(* Assume that $\pi$ is a permutation of length $j$ and $\delta=\delta_1\cdots\delta_{k+1}$ is a permutation of length $k+1$, disjoint from each other, where $\mathrm{des}(\pi) = j'$ and $\mathrm{des}(\delta) = k'$. Moreover, $\delta_1<\delta_2$ and all of the elements of $\delta$ are larger than the elements of $\pi$. Then \begin{align*} \sum_{\alpha \in \mathrm{Sh}_l(\pi,\delta)} t^{\mathrm{des}(\alpha)}&=\sum_{i\geq 1} \binom{k+1-k'+j'}{i+j'-k'} \binom{j-j'+k'-1}{i-1} t^{i+j'},\\ \sum_{\alpha \in \mathrm{Sh}_{ls}(\pi,\delta)} t^{\mathrm{des}(\alpha)}&=\sum_{i\geq 1} \binom{k-k'+j'}{i+j'-k'} \binom{j-j'+k'-1}{i-1} t^{i+j'},\\ \sum_{\alpha \in \mathrm{Sh}_{ll}(\pi,\delta)} t^{\mathrm{des}(\alpha)}&=\sum_{i\geq 1} \binom{k-k'+j'}{i+j'-k'} \binom{j-j'+k'-1}{i-1} t^{i+j'}. \end{align*}
   Context: A permutation of length $n$ here means a sequence of $n$ distinct integers (not necessarily $1,\dots,n$); two permutations are disjoint if they have no letters in common. For $\alpha=\alpha_1\cdots\alpha_n$, $\mathrm{des}(\alpha)$ is the number of indices $i$ with $\alpha_i>\alpha_{i+1}$. For disjoint permutations $\pi=\pi_1\cdots\pi_m$ and $\delta=\delta_1\cdots\delta_n$, a shuffle of $\pi$ and $\delta$ is a permutation $\alpha=\alpha_1\cdots\alpha_{m+n}$ containing both $\pi$ and $\delta$ as subsequences. $\mathrm{Sh}_l(\pi,\delta)$ is the set of shuffles with $\alpha_1=\delta_1$; $\mathrm{Sh}_{ls}(\pi,\delta)$ is the set of shuffles with $\alpha_1=\delta_1$ and $\alpha_{n+m}=\delta_n$ (the last letter of $\delta$); $\mathrm{Sh}_{ll}(\pi,\delta)$ is the set of shuffles with $\alpha_1=\delta_1$ and $\alpha_2=\delta_2$. *)

From mathcomp Require Import all_boot all_order all_algebra.
Set Implicit Arguments. Unset Strict Implicit. Unset Printing Implicit Defensive.
Import Order.TTheory GRing.Theory Num.Theory.

(* A "permutation" is a duplicate-free sequence of integers (seq int, uniq). *)

Definition des (s : seq int) : nat :=
  \sum_(i < (size s).-1) (nth 0%R s i.+1 < nth 0%R s i)%R.

Definition is_shuffle (pi delta alpha : seq int) : bool :=
  [&& uniq alpha, size alpha == size pi + size delta,
      subseq pi alpha & subseq delta alpha].

(* Any shuffle of disjoint pi, delta is a rearrangement of pi ++ delta,
   so the (finite) sets of shuffles are enumerated by filtering the
   duplicate-free list of all rearrangements of pi ++ delta. *)
Definition Sh_l (pi delta : seq int) : seq (seq int) :=
  [seq a <- permutations (pi ++ delta) |
     is_shuffle pi delta a && (nth 0%R a 0 == nth 0%R delta 0)].

Definition Sh_ls (pi delta : seq int) : seq (seq int) :=
  [seq a <- permutations (pi ++ delta) |
     [&& is_shuffle pi delta a, nth 0%R a 0 == nth 0%R delta 0
       & last 0%R a == last 0%R delta]].

Definition Sh_ll (pi delta : seq int) : seq (seq int) :=
  [seq a <- permutations (pi ++ delta) |
     [&& is_shuffle pi delta a, nth 0%R a 0 == nth 0%R delta 0
       & nth 0%R a 1 == nth 0%R delta 1]].

Definition binz (n : nat) (m : int) : nat :=
  match m with Posz m' => 'C(n, m') | Negz _ => 0 end.

Definition desgen (S : seq (seq int)) : {poly int} :=
  (\sum_(a <- S) 'X^(des a))%R.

---------------

** TASK INSTRUCTIONS **
Produce a faithful copy of all the material above.

** TASK SOLUTION **
(* Assume that $\pi$ is a permutation of length $j$ and $\delta=\delta_1\cdots\delta_{k+1}$ is a permutation of length $k+1$, disjoint from each other, where $\mathrm{des}(\pi) = j'$ and $\mathrm{des}(\delta) = k'$. Moreover, $\delta_1<\delta_2$ and all of the elements of $\delta$ are larger than the elements of $\pi$. Then \begin{align*} \sum_{\alpha \in \mathrm{Sh}_l(\pi,\delta)} t^{\mathrm{des}(\alpha)}&=\sum_{i\geq 1} \binom{k+1-k'+j'}{i+j'-k'} \binom{j-j'+k'-1}{i-1} t^{i+j'},\\ \sum_{\alpha \in \mathrm{Sh}_{ls}(\pi,\delta)} t^{\mathrm{des}(\alpha)}&=\sum_{i\geq 1} \binom{k-k'+j'}{i+j'-k'} \binom{j-j'+k'-1}{i-1} t^{i+j'},\\ \sum_{\alpha \in \mathrm{Sh}_{ll}(\pi,\delta)} t^{\mathrm{des}(\alpha)}&=\sum_{i\geq 1} \binom{k-k'+j'}{i+j'-k'} \binom{j-j'+k'-1}{i-1} t^{i+j'}. \end{align*}
   Context: A permutation of length $n$ here means a sequence of $n$ distinct integers (not necessarily $1,\dots,n$); two permutations are disjoint if they have no letters in common. For $\alpha=\alpha_1\cdots\alpha_n$, $\mathrm{des}(\alpha)$ is the number of indices $i$ with $\alpha_i>\alpha_{i+1}$. For disjoint permutations $\pi=\pi_1\cdots\pi_m$ and $\delta=\delta_1\cdots\delta_n$, a shuffle of $\pi$ and $\delta$ is a permutation $\alpha=\alpha_1\cdots\alpha_{m+n}$ containing both $\pi$ and $\delta$ as subsequences. $\mathrm{Sh}_l(\pi,\delta)$ is the set of shuffles with $\alpha_1=\delta_1$; $\mathrm{Sh}_{ls}(\pi,\delta)$ is the set of shuffles with $\alpha_1=\delta_1$ and $\alpha_{n+m}=\delta_n$ (the last letter of $\delta$); $\mathrm{Sh}_{ll}(\pi,\delta)$ is the set of shuffles with $\alpha_1=\delta_1$ and $\alpha_2=\delta_2$. *)

From mathcomp Require Import all_boot all_order all_algebra.
Set Implicit Arguments. Unset Strict Implicit. Unset Printing Implicit Defensive.
Import Order.TTheory GRing.Theory Num.Theory.

(* A "permutation" is a duplicate-free sequence of integers (seq int, uniq). *)

Definition des (s : seq int) : nat :=
  \sum_(i < (size s).-1) (nth 0%R s i.+1 < nth 0%R s i)%R.

Definition is_shuffle (pi delta alpha : seq int) : bool :=
  [&& uniq alpha, size alpha == size pi + size delta,
      subseq pi alpha & subseq delta alpha].

(* Any shuffle of disjoint pi, delta is a rearrangement of pi ++ delta,
   so the (finite) sets of shuffles are enumerated by filtering the
   duplicate-free list of all rearrangements of pi ++ delta. *)
Definition Sh_l (pi delta : seq int) : seq (seq int) :=
  [seq a <- permutations (pi ++ delta) |
     is_shuffle pi delta a && (nth 0%R a 0 == nth 0%R delta 0)].

Definition Sh_ls (pi delta : seq int) : seq (seq int) :=
  [seq a <- permutations (pi ++ delta) |
     [&& is_shuffle pi delta a, nth 0%R a 0 == nth 0%R delta 0
       & last 0%R a == last 0%R delta]].

Definition Sh_ll (pi delta : seq int) : seq (seq int) :=
  [seq a <- permutations (pi ++ delta) |
     [&& is_shuffle pi delta a, nth 0%R a 0 == nth 0%R delta 0
       & nth 0%R a 1 == nth 0%R delta 1]].

Definition binz (n : nat) (m : int) : nat :=
  match m with Posz m' => 'C(n, m') | Negz _ => 0 end.

Definition desgen (S : seq (seq int)) : {poly int} :=
  (\sum_(a <- S) 'X^(des a))%R.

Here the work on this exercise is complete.